» **Goal of the exercise**
Reproduce word for word, from the entries below, the line with "gelfand_radial_solution n w ->", the line with "apply (mul_id_not_const_at_right0 (Derive", and every line between them, and nothing more.

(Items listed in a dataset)
=== Section Start ===

(* Let $n\ge 3$ and let $w(t)$ be the solution of \[ w''+\frac{n-1}{t}w'+e^{w}=0,\qquad w(0)=0,\quad w'(0)=0 \qquad (t>0). \] Set $\lambda(t)=t^2e^{w(t)}$. If $t_n>0$ satisfies $\lambda'(t_n)=0$ (that is, the corresponding solution of the Gelfand problem is singular), then $\lambda''(t_n)\neq 0$.
   Context: The Gelfand problem is $\Delta u+\lambda e^u=0$ for $|x|<1$ in $\mathbb{R}^n$, with $u=0$ on $|x|=1$. Its solutions are radial, $u=u(|x|)$. The solution $w$ above is defined for all $t>0$. The full solution set of the Gelfand problem is the curve $t\mapsto(\lambda(t),u_t)$, $t\in(0,\infty)$, where $u_t(x)=w(t|x|)-w(t)$ and $\lambda(t)=t^2e^{w(t)}$. *)

From Stdlib Require Import Reals.
From Coquelicot Require Import Coquelicot.
Open Scope R_scope.

Definition gelfand_radial_solution (n : nat) (w : R -> R) : Prop :=
  (forall t, 0 < t ->
     ex_derive w t /\ ex_derive (Derive w) t /\
     Derive_n w 2 t + (INR n - 1) / t * Derive w t + exp (w t) = 0) /\
  w 0 = 0 /\
  filterlim w (at_right 0) (locally 0) /\
  filterlim (Derive w) (at_right 0) (locally 0).

Definition gelfand_lambda (w : R -> R) (t : R) : R := t ^ 2 * exp (w t).

From Stdlib Require Import Reals Lra Lia.
From Coquelicot Require Import Coquelicot.
Open Scope R_scope.

(* Along the solution put p = t w' + 2 and c = 2 (n - 2), the value of lambda on the
   singular solution w = ln c - 2 ln t.  The energy
     E(t) = (p^2 / 2 + lambda - c - c ln (lambda / c)) t^(2 (n - 2))
   is nonnegative, and the ODE gives E' = c (lambda - c - c ln (lambda / c)) t^(2n - 5) >= 0.
   At a critical point t_n, lambda'(t_n) = 0 means p(t_n) = 0, and then lambda''(t_n) = 0
   would mean lambda(t_n) = c, i.e. E(t_n) = 0.  Monotonicity forces E = 0, hence p = 0,
   on (0, t_n): t w'(t) = -2 there, which is incompatible with w'(t) -> 0 as t -> 0+. *)

Lemma ln_le_sub1 x : 0 < x -> ln x <= x - 1.
Proof.
  intros Hx. pose proof (exp_ineq1_le (ln x)) as H. rewrite exp_ln in H by exact Hx. lra.
Qed.

Definition log_gap (c x : R) : R := x - c - c * ln (x / c).

Lemma log_gap_ge0 c x : 0 < c -> 0 < x -> 0 <= log_gap c x.
Proof.
  intros Hc Hx. unfold log_gap.
  assert (H : ln (x / c) <= x / c - 1) by (apply ln_le_sub1, Rdiv_lt_0_compat; assumption).
  replace (x - c) with (c * (x / c - 1)) by (field; lra).
  pose proof (Rmult_le_compat_l c _ _ (Rlt_le _ _ Hc) H). lra.
Qed.

Lemma log_gap_diag c : c <> 0 -> log_gap c c = 0.
Proof. intros Hc. unfold log_gap. rewrite Rdiv_diag, ln_1 by exact Hc. ring. Qed.

Lemma filterlim_mul_id_at_right0 (f : R -> R) :
  filterlim f (at_right 0) (locally 0) ->
  filterlim (fun t => t * f t) (at_right 0) (locally 0).
Proof.
  intros Hf.
  assert (Hid : filterlim (fun t => t) (at_right 0) (locally 0)).
  { intros P [eps HP]. exists eps. intros t Ht _. apply HP, Ht. }
  pose proof (filterlim_comp_2 _ _ Rmult Hid Hf (filterlim_mult 0 0)) as H.
  change (mult 0 0) with (0 * 0) in H. rewrite Rmult_0_l in H. exact H.
Qed.

Lemma mul_id_not_const_at_right0 (f : R -> R) (b c : R) :
  0 < b -> c <> 0 -> filterlim f (at_right 0) (locally 0) ->
  ~ (forall t, 0 < t < b -> t * f t = c).
Proof.
  intros Hb Hc Hf Hconst. apply Hc.
  apply (filterlim_locally_unique (FF := Proper_StrongProper _ (at_right_proper_filter 0))
           (fun _ : R => c)); [apply filterlim_const |].
  apply (filterlim_ext_loc (fun t => t * f t)); [| apply filterlim_mul_id_at_right0, Hf].
  exists (mkposreal b Hb). intros t Ht Ht0. apply Hconst. split; [exact Ht0 |].
  unfold ball in Ht; simpl in Ht; unfold AbsRing_ball, abs, minus, plus, opp in Ht; simpl in Ht.
  rewrite Ropp_0, Rplus_0_r, Rabs_pos_eq in Ht; lra.
Qed.

Definition gelfand_const (n : nat) : R := 2 * (INR n - 2).

Lemma gelfand_const_pos n : (3 <= n)%nat -> 0 < gelfand_const n.
Proof. intros Hn. apply le_INR in Hn. unfold gelfand_const. simpl in Hn. lra. Qed.

Lemma INR_gelfand_exponent n : (2 <= n)%nat -> INR (2 * (n - 2)) = gelfand_const n.
Proof. intros Hn. unfold gelfand_const. rewrite mult_INR, minus_INR by exact Hn. simpl. ring. Qed.

Definition gelfand_energy (n : nat) (w : R -> R) (t : R) : R :=
  ((t * Derive w t + 2) ^ 2 / 2 + log_gap (gelfand_const n) (gelfand_lambda w t))
  * t ^ (2 * (n - 2)).

Lemma gelfand_lambda_pos w t : 0 < t -> 0 < gelfand_lambda w t.
Proof. intros Ht. apply Rmult_lt_0_compat; [apply pow_lt, Ht | apply exp_pos]. Qed.

Lemma Derive_gelfand_lambda w t : ex_derive w t ->
  Derive (gelfand_lambda w) t = t * exp (w t) * (t * Derive w t + 2).
Proof.
  intros Hw. apply is_derive_unique. unfold gelfand_lambda. auto_derive; [exact Hw |].
  change (Derive (fun x => w x) t) with (Derive w t). ring.
Qed.

Section RadialGelfandODE.

Variables (n : nat) (w : R -> R).
Hypothesis n_ge3 : (3 <= n)%nat.
Hypothesis w_ode : forall t, 0 < t ->
  ex_derive w t /\ ex_derive (Derive w) t /\
  Derive_n w 2 t + (INR n - 1) / t * Derive w t + exp (w t) = 0.

Lemma Derive2_gelfand_lambda t : 0 < t ->
  Derive_n (gelfand_lambda w) 2 t =
  exp (w t) * ((t * Derive w t + 2) * (t * Derive w t + 3 - INR n)
               + gelfand_const n - gelfand_lambda w t).
Proof.
  intros Ht. destruct (w_ode t Ht) as [Hw [Hw' Hode]].
  change (Derive_n (gelfand_lambda w) 2 t) with (Derive (Derive (gelfand_lambda w)) t).
  rewrite (Derive_ext_loc _ (fun s => s * exp (w s) * (s * Derive w s + 2))).
  - apply is_derive_unique. auto_derive; [repeat split; assumption |].
    change (Derive (fun x => Derive w x) t) with (Derive_n w 2 t).
    change (Derive (fun x => w x) t) with (Derive w t).
    replace (Derive_n w 2 t) with (- ((INR n - 1) / t * Derive w t) - exp (w t)) by lra.
    unfold gelfand_lambda, gelfand_const. field. lra.
  - exists (mkposreal t Ht). intros s Hs. apply Derive_gelfand_lambda, w_ode.
    unfold ball in Hs; simpl in Hs; unfold AbsRing_ball, abs, minus, plus, opp in Hs; simpl in Hs.
    apply Rabs_lt_between in Hs. lra.
Qed.

Lemma is_derive_gelfand_energy t : 0 < t ->
  is_derive (gelfand_energy n w) t
    (gelfand_const n * log_gap (gelfand_const n) (gelfand_lambda w t)
     * t ^ (2 * (n - 2)) / t).
Proof.
  intros Ht. destruct (w_ode t Ht) as [Hw [Hw' Hode]].
  pose proof (gelfand_const_pos n n_ge3) as Hc.
  pose proof (exp_pos (w t)) as He.
  unfold gelfand_energy, log_gap, gelfand_lambda. auto_derive.
  { repeat split; try assumption. apply Rdiv_lt_0_compat; [| exact Hc].
    apply Rmult_lt_0_compat; [nra | exact He]. }
  change (Derive (fun x => Derive w x) t) with (Derive_n w 2 t).
  change (Derive (fun x => w x) t) with (Derive w t).
  change (n - 2 + (n - 2 + 0))%nat with (2 * (n - 2))%nat.
  rewrite INR_gelfand_exponent by lia.
  replace (t * (t * 1)) with (t ^ 2) by ring. unfold Rdiv.
  set (m := pred (2 * (n - 2))). replace (2 * (n - 2))%nat with (S m) by lia.
  change (t ^ S m) with (t * t ^ m).
  replace (Derive_n w 2 t) with (- ((INR n - 1) / t * Derive w t) - exp (w t)) by lra.
  unfold gelfand_const in *. field. lra.
Qed.

Lemma gelfand_energy_nondecreasing s t : 0 < s -> s <= t ->
  gelfand_energy n w s <= gelfand_energy n w t.
Proof.
  intros Hs Hst. destruct (Rle_lt_or_eq_dec s t Hst) as [Hlt | ->]; [| lra].
  pose proof (gelfand_const_pos n n_ge3) as Hc.
  destruct (MVT_gen (gelfand_energy n w) s t (fun x =>
      gelfand_const n * log_gap (gelfand_const n) (gelfand_lambda w x)
      * x ^ (2 * (n - 2)) / x)) as [xi [Hxi Heq]];
    rewrite Rmin_left, Rmax_right in * by lra.
  - intros x Hx. apply is_derive_gelfand_energy. lra.
  - intros x Hx. apply continuity_pt_filterlim, (ex_derive_continuous (gelfand_energy n w)).
    eexists. apply is_derive_gelfand_energy. lra.
  - assert (Hrate : 0 <= gelfand_const n * log_gap (gelfand_const n) (gelfand_lambda w xi)
                         * xi ^ (2 * (n - 2)) / xi).
    { apply Rdiv_le_0_compat; [| lra].
      apply Rmult_le_pos; [apply Rmult_le_pos; [lra |] | apply pow_le; lra].
      apply log_gap_ge0; [exact Hc | apply gelfand_lambda_pos; lra]. }
    nra.
Qed.

Lemma gelfand_energy_nonpos t : 0 < t -> gelfand_energy n w t <= 0 ->
  t * Derive w t + 2 = 0.
Proof.
  intros Ht HG. unfold gelfand_energy in HG.
  assert (Hgap : 0 <= log_gap (gelfand_const n) (gelfand_lambda w t)).
  { apply log_gap_ge0; [exact (gelfand_const_pos n n_ge3) | apply gelfand_lambda_pos, Ht]. }
  assert (Hsum : (t * Derive w t + 2) ^ 2 / 2
                 + log_gap (gelfand_const n) (gelfand_lambda w t) <= 0).
  { apply (Rmult_le_reg_r (t ^ (2 * (n - 2)))); [apply pow_lt, Ht | lra]. }
  nra.
Qed.

Lemma gelfand_energy_critical t :
  t * Derive w t + 2 = 0 -> gelfand_lambda w t = gelfand_const n -> gelfand_energy n w t = 0.
Proof.
  intros Hp Hlam. unfold gelfand_energy.
  rewrite Hp, Hlam, log_gap_diag by apply Rgt_not_eq, gelfand_const_pos, n_ge3.
  apply Rmult_eq_0_compat_r. field.
Qed.

End RadialGelfandODE.

Theorem theorem5p1 (n : nat) (w : R -> R) :
  (3 <= n)%nat ->
  gelfand_radial_solution n w ->
  forall tn : R, 0 < tn ->
    Derive (gelfand_lambda w) tn = 0 ->
    Derive_n (gelfand_lambda w) 2 tn <> 0.
Proof.
  intros Hn [Hode [_ [_ Hw'0]]] tn Htn Hcrit Hcrit2.
  pose proof (exp_pos (w tn)) as He.
  assert (Hp : tn * Derive w tn + 2 = 0).
  { rewrite Derive_gelfand_lambda in Hcrit by apply (Hode tn Htn).
    apply Rmult_integral in Hcrit as [H | H]; [| exact H].
    apply Rmult_integral in H as [H | H]; lra. }
  assert (Hlam : gelfand_lambda w tn = gelfand_const n).
  { rewrite (Derive2_gelfand_lambda n w Hode tn Htn), Hp in Hcrit2.
    apply Rmult_integral in Hcrit2 as [H | H]; lra. }
  apply (mul_id_not_const_at_right0 (Derive w) tn (-2)); [exact Htn | lra | exact Hw'0 |].
  intros t Ht.
  enough (Hpt : t * Derive w t + 2 = 0) by lra.
  apply (gelfand_energy_nonpos n w Hn); [lra |].
  rewrite <- (gelfand_energy_critical n w Hn tn Hp Hlam).
  apply (gelfand_energy_nondecreasing n w Hn Hode); lra.
Qed.
(* Let $F,\theta \geq 1$ be integers with $F > 2\theta$. For $\rho \in [0,2^{-F})$, let $\eta_0(x)$, $\eta_0(x+1)$ be independent random elements of $\{0,1\}^F$, each with $P(\eta_0 = u) = 1/2 - (2^{F-1}-1)\rho$ for $u \in \{u_-,u_+\}$ and $P(\eta_0 = u) = \rho$ otherwise, where $u_- = (0,\ldots,0)$, $u_+ = (1,\ldots,1)$. Let $\zeta = H(\eta_0(x),\eta_0(x+1))$ and $\phi = -\zeta$ if $\zeta \leq \theta$, $\phi = \zeta - 2\theta$ if $\zeta > \theta$. Then there exists $\rho_0 > 0$ such that $E\phi > 0$ for all $\rho \in (0,\rho_0)$.
   Context: $H(u,v) = \#\{i : u_i \neq v_i\}$ denotes the Hamming distance on $\{0,1\}^F$. *)

From mathcomp Require Import all_boot all_order all_algebra.
Set Implicit Arguments. Unset Strict Implicit. Unset Printing Implicit Defensive.
Import Order.TTheory GRing.Theory Num.Theory.
Local Open Scope ring_scope.

Definition cube (F : nat) := {ffun 'I_F -> bool}.

Definition hamming (F : nat) (u v : cube F) : nat := #|[set i | u i != v i]|.

Definition u_minus (F : nat) : cube F := [ffun _ => false].
Definition u_plus (F : nat) : cube F := [ffun _ => true].

Definition pmf (R : fieldType) (F : nat) (rho : R) (u : cube F) : R :=
  if (u == u_minus F) || (u == u_plus F)
  then (2 : R)^-1 - ((2 ^ (F.-1) - 1)%N)%:R * rho
  else rho.

Definition phi (R : fieldType) (theta zeta : nat) : R :=
  if (zeta <= theta)%N then - (zeta%:R) else zeta%:R - (2 * theta)%:R.

Definition Ephi (R : fieldType) (F theta : nat) (rho : R) : R :=
  \sum_(u : cube F) \sum_(v : cube F)
     pmf rho u * pmf rho v * phi R theta (hamming u v).

From mathcomp Require Import all_boot all_order all_algebra.
From mathcomp Require Import ring lra.
Import Order.TTheory GRing.Theory Num.Theory.
Local Open Scope ring_scope.

(* At [rho = 0] the law of [eta_0] is uniform on [{u_-, u_+}], so [zeta] is
   [0] or [F] with probability [1/2] each and [E phi = (F - 2 theta) / 2 > 0].
   Since [pmf] is affine in [rho], [E phi] is a quadratic polynomial in [rho],
   and a polynomial with positive constant term stays positive near [0]. *)

Lemma quadratic_gt0_near0 (R : realFieldType) (a b c : R) : 0 < a ->
  exists r0 : R, 0 < r0 /\
    forall r : R, 0 < r -> r < r0 -> 0 < a + r * b + r ^+ 2 * c.
Proof.
move=> a_gt0; set M : R := `|b| + `|c| + 1.
have M_gt0 : 0 < M by rewrite /M; have := normr_ge0 b; have := normr_ge0 c; lra.
exists (Num.min 1 (a / M)); split; first by rewrite lt_min ltr01 divr_gt0.
move=> r r_gt0; rewrite lt_min => /andP[r_lt1 r_small].
have rM_lt_a : r * M < a by rewrite -ltr_pdivlMr.
have b_ge : r * - `|b| <= r * b by apply: ler_wpM2l; [exact: ltW | exact: lerNnormlW].
have c_ge : r ^+ 2 * - `|c| <= r ^+ 2 * c.
  by apply: ler_wpM2l; [exact/exprn_ge0/ltW | exact: lerNnormlW].
have r2_le_r : r ^+ 2 * `|c| <= r * `|c| by rewrite ler_wpM2r // expr2 ger_pMr // ltW.
rewrite /M in rM_lt_a; lra.
Qed.

Lemma hammingC (F : nat) (u v : cube F) : hamming u v = hamming v u.
Proof. by apply: eq_card => i; rewrite !inE eq_sym. Qed.

Lemma hamming_refl (F : nat) (u : cube F) : hamming u u = 0%N.
Proof. by apply/eqP; rewrite cards_eq0; apply/eqP/setP => i; rewrite !inE eqxx. Qed.

Lemma hamming_minus_plus (F : nat) : hamming (u_minus F) (u_plus F) = F.
Proof.
rewrite /hamming -[RHS]card_ord; apply: eq_card => i.
by rewrite !inE !ffunE.
Qed.

Lemma u_plus_neq_minus (F : nat) : (0 < F)%N -> u_plus F != u_minus F.
Proof. by move=> F_gt0; apply/eqP => /ffunP /(_ (Ordinal F_gt0)); rewrite !ffunE. Qed.

Lemma phi0 (R : fieldType) (theta : nat) : phi R theta 0 = 0.
Proof. by rewrite /phi leq0n oppr0. Qed.

Lemma phi_gt (R : numFieldType) (theta zeta : nat) :
  (2 * theta < zeta)%N -> phi R theta zeta = zeta%:R - (2 * theta)%:R.
Proof.
move=> lt_zeta; rewrite /phi ifN // -ltnNge.
by apply: leq_ltn_trans lt_zeta; rewrite leq_pmull.
Qed.

Section ExpectationAsPolynomial.
Variables (R : realFieldType) (F theta : nat).

Definition extremal (u : cube F) := (u == u_minus F) || (u == u_plus F).
Definition pmf_at0 (u : cube F) : R := if extremal u then 2^-1 else 0.
Definition pmf_slope (u : cube F) : R :=
  if extremal u then - ((2 ^ F.-1 - 1)%N)%:R else 1.

Lemma pmfE (rho : R) u : pmf rho u = pmf_at0 u + rho * pmf_slope u.
Proof. by rewrite /pmf /pmf_at0 /pmf_slope -/(extremal u); case: extremal; ring. Qed.

Definition Ephi_coef (p q : cube F -> R) : R :=
  \sum_u \sum_v p u * q v * phi R theta (hamming u v).

Lemma EphiE (rho : R) : Ephi F theta rho =
  Ephi_coef pmf_at0 pmf_at0
  + rho * (Ephi_coef pmf_at0 pmf_slope + Ephi_coef pmf_slope pmf_at0)
  + rho ^+ 2 * Ephi_coef pmf_slope pmf_slope.
Proof.
rewrite /Ephi /Ephi_coef mulrDr !mulr_sumr -!big_split; apply: eq_bigr => u _.
rewrite !mulr_sumr -!big_split; apply: eq_bigr => v _.
rewrite !pmfE /=; ring.
Qed.

Hypothesis F_gt0 : (0 < F)%N.

Lemma sum_pmf_at0 (X : cube F -> R) :
  \sum_u pmf_at0 u * X u = 2^-1 * (X (u_minus F) + X (u_plus F)).
Proof.
rewrite (bigD1 (u_minus F)) //= (bigD1 (u_plus F)) ?u_plus_neq_minus //=.
rewrite big1 => [|u /andP[/negbTE nplus /negbTE nminus]].
  by rewrite /pmf_at0 /extremal !eqxx orbT addr0 mulrDr.
by rewrite /pmf_at0 /extremal nplus nminus mul0r.
Qed.

Lemma Ephi_at0 :
  Ephi_coef pmf_at0 pmf_at0 = 2^-1 * phi R theta F.
Proof.
rewrite /Ephi_coef.
under eq_bigr => u _ do under eq_bigr => v _ do rewrite -mulrA.
under eq_bigr => u _ do rewrite -mulr_sumr.
rewrite !sum_pmf_at0 !hamming_refl hamming_minus_plus hammingC hamming_minus_plus.
by rewrite phi0; lra.
Qed.

End ExpectationAsPolynomial.

Theorem lemma10 (R : realFieldType) (F theta : nat) :
  (1 <= F)%N -> (1 <= theta)%N -> (2 * theta < F)%N ->
  exists rho0 : R, 0 < rho0 /\
    forall rho : R, 0 < rho -> rho < rho0 -> rho < ((2 ^ F)%N%:R)^-1 ->
      0 < Ephi F theta rho.
Proof.
move=> F_gt0 _ lt_F.
have a_gt0 : 0 < 2^-1 * phi R theta F.
  by rewrite phi_gt // mulr_gt0 ?invr_gt0 ?ltr0n // subr_gt0 ltr_nat.
rewrite -(@Ephi_at0 R F theta F_gt0) in a_gt0.
set coef := Ephi_coef R F theta in a_gt0.
have [rho0 [rho0_gt0 near0]] := quadratic_gt0_near0 _ _
  (coef (pmf_at0 R F) (pmf_slope R F) + coef (pmf_slope R F) (pmf_at0 R F))
  (coef (pmf_slope R F) (pmf_slope R F)) a_gt0.
exists rho0; split => // rho rho_gt0 rho_lt _.
by rewrite EphiE; apply: near0.
Qed.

=== Section End ===

» **Written answer**
  gelfand_radial_solution n w ->
  forall tn : R, 0 < tn ->
    Derive (gelfand_lambda w) tn = 0 ->
    Derive_n (gelfand_lambda w) 2 tn <> 0.
Proof.
  intros Hn [Hode [_ [_ Hw'0]]] tn Htn Hcrit Hcrit2.
  pose proof (exp_pos (w tn)) as He.
  assert (Hp : tn * Derive w tn + 2 = 0).
  { rewrite Derive_gelfand_lambda in Hcrit by apply (Hode tn Htn).
    apply Rmult_integral in Hcrit as [H | H]; [| exact H].
    apply Rmult_integral in H as [H | H]; lra. }
  assert (Hlam : gelfand_lambda w tn = gelfand_const n).
  { rewrite (Derive2_gelfand_lambda n w Hode tn Htn), Hp in Hcrit2.
    apply Rmult_integral in Hcrit2 as [H | H]; lra. }
  apply (mul_id_not_const_at_right0 (Derive w) tn (-2)); [exact Htn | lra | exact Hw'0 |].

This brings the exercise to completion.